### Problem to work on
What you produce should be every line from the data that includes "Prop".

Source records:
------------

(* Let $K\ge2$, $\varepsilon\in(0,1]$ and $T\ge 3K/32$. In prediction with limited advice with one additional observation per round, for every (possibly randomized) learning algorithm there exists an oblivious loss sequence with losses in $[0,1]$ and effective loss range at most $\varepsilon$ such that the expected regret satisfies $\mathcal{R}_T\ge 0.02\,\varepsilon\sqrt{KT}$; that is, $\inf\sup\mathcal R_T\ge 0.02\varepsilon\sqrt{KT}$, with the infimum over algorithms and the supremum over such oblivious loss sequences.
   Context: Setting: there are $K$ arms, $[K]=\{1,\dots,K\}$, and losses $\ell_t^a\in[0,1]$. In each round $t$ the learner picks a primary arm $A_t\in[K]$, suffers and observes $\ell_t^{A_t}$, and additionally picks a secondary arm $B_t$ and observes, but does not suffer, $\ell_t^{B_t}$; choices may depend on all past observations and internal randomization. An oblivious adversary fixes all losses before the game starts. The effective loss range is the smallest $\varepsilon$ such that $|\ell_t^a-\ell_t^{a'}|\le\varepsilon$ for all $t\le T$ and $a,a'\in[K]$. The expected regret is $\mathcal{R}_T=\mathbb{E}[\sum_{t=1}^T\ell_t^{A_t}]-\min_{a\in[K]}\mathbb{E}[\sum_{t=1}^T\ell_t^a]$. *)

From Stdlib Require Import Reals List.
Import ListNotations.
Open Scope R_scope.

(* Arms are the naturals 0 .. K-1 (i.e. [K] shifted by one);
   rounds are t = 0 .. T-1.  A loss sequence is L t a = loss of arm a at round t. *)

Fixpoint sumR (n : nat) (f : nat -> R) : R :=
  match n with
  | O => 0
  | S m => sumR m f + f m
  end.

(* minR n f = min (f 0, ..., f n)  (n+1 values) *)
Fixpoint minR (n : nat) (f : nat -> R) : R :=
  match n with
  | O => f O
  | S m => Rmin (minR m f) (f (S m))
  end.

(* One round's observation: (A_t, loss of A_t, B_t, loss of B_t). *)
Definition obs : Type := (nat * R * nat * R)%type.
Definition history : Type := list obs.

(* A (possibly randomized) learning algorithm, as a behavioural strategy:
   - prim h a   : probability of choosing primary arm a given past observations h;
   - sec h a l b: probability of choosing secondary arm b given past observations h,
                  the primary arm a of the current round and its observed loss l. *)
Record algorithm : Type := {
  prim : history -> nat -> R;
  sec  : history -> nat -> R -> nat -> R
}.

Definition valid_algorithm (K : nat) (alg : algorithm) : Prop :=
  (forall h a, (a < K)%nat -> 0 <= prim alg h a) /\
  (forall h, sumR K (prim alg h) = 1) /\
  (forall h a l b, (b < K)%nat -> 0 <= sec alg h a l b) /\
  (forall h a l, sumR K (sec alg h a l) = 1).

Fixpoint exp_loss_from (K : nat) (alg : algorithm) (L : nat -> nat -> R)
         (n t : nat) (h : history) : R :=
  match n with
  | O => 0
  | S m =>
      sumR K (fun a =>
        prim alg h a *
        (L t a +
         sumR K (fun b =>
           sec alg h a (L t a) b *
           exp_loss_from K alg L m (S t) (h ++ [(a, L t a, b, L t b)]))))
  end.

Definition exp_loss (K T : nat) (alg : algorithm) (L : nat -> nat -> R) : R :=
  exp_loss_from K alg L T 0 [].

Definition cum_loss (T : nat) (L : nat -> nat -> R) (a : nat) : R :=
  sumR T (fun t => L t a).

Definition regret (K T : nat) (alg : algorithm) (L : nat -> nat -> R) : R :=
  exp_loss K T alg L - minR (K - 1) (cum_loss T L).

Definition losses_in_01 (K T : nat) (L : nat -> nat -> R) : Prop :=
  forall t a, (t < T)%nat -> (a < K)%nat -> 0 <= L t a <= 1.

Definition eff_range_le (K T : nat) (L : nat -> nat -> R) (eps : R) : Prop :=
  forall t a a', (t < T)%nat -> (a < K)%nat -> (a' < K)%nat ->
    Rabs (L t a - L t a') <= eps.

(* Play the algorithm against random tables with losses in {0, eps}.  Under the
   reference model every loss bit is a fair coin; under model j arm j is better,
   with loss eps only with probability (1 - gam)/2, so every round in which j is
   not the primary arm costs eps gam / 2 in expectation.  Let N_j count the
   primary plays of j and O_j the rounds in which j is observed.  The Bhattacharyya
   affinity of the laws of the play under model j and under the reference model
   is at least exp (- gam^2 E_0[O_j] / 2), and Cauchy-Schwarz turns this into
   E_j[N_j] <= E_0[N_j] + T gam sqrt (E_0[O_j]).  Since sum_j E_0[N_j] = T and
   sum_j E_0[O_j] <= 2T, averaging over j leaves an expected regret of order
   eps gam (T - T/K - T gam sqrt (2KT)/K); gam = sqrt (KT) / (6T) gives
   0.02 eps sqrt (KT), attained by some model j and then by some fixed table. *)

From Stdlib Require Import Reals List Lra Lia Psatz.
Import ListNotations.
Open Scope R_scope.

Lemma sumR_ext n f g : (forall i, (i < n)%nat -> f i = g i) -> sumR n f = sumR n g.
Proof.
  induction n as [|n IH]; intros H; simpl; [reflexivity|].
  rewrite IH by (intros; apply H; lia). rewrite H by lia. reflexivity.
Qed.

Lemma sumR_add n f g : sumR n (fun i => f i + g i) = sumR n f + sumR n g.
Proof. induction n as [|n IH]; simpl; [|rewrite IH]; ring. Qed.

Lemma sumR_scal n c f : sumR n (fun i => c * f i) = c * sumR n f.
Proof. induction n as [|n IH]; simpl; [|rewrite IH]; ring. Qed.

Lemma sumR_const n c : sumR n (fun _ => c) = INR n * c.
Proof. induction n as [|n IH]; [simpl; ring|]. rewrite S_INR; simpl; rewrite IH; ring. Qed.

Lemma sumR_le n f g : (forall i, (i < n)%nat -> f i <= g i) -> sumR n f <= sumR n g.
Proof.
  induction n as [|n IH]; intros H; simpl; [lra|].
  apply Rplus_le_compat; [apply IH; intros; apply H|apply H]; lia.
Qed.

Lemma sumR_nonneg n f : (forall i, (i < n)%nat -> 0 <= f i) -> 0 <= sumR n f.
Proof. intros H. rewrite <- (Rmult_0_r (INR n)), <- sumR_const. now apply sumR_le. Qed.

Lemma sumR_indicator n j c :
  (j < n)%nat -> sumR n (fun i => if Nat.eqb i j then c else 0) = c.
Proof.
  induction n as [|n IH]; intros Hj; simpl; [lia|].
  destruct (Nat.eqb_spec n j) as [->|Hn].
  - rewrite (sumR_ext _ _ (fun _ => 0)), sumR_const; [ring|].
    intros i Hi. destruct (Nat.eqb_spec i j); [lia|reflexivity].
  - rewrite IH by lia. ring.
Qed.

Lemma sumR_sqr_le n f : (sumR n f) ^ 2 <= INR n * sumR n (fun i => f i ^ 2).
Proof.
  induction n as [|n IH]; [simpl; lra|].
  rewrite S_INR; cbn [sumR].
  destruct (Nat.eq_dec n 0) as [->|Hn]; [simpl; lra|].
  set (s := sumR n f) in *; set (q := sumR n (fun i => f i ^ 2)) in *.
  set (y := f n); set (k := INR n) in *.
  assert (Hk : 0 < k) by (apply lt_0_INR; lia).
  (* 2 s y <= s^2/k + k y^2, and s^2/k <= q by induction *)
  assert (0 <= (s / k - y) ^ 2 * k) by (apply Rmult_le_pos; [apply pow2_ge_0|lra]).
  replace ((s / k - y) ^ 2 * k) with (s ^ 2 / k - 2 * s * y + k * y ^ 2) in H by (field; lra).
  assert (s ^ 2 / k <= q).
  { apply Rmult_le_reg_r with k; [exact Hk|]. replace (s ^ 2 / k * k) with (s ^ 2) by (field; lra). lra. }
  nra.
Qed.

------------

### Solved problem
Definition valid_algorithm (K : nat) (alg : algorithm) : Prop :=
Definition losses_in_01 (K T : nat) (L : nat -> nat -> R) : Prop :=
Definition eff_range_le (K T : nat) (L : nat -> nat -> R) (eps : R) : Prop :=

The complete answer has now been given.